(Aim of the exercise)
In the material below, list every line carrying the string "hpistar".

(Extracted material)
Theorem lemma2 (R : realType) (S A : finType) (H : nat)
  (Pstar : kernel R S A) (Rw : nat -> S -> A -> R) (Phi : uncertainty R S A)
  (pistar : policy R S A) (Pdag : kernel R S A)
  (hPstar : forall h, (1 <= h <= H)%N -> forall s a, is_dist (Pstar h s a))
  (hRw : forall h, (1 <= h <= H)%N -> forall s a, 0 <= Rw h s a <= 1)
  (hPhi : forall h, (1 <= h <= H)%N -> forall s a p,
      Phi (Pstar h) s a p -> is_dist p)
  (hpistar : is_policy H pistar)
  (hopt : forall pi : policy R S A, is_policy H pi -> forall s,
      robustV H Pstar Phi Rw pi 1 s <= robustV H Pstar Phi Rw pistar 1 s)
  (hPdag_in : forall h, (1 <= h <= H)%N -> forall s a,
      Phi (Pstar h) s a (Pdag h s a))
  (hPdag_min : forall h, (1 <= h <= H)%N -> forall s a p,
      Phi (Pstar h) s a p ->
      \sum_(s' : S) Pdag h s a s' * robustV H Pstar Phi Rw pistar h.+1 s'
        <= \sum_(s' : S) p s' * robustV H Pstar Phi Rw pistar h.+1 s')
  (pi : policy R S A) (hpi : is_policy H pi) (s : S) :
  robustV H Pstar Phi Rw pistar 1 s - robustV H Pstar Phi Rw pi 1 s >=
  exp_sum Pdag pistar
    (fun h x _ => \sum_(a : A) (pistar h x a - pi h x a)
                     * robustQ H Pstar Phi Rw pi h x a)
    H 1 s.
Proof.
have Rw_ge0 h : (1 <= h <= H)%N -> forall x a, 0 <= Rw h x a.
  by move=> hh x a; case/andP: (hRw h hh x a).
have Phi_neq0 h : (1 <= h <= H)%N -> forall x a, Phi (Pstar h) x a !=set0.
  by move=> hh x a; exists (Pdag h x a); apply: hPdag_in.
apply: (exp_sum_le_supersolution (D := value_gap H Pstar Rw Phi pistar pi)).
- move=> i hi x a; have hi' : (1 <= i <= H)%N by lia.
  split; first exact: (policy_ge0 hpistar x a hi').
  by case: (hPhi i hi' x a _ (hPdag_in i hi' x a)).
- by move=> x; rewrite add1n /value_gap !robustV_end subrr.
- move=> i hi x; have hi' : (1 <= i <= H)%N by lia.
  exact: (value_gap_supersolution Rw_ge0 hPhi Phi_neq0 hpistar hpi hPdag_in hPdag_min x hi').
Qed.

(Solution to the problem)
  (hpistar : is_policy H pistar)
  split; first exact: (policy_ge0 hpistar x a hi').
  exact: (value_gap_supersolution Rw_ge0 hPhi Phi_neq0 hpistar hpi hPdag_in hPdag_min x hi').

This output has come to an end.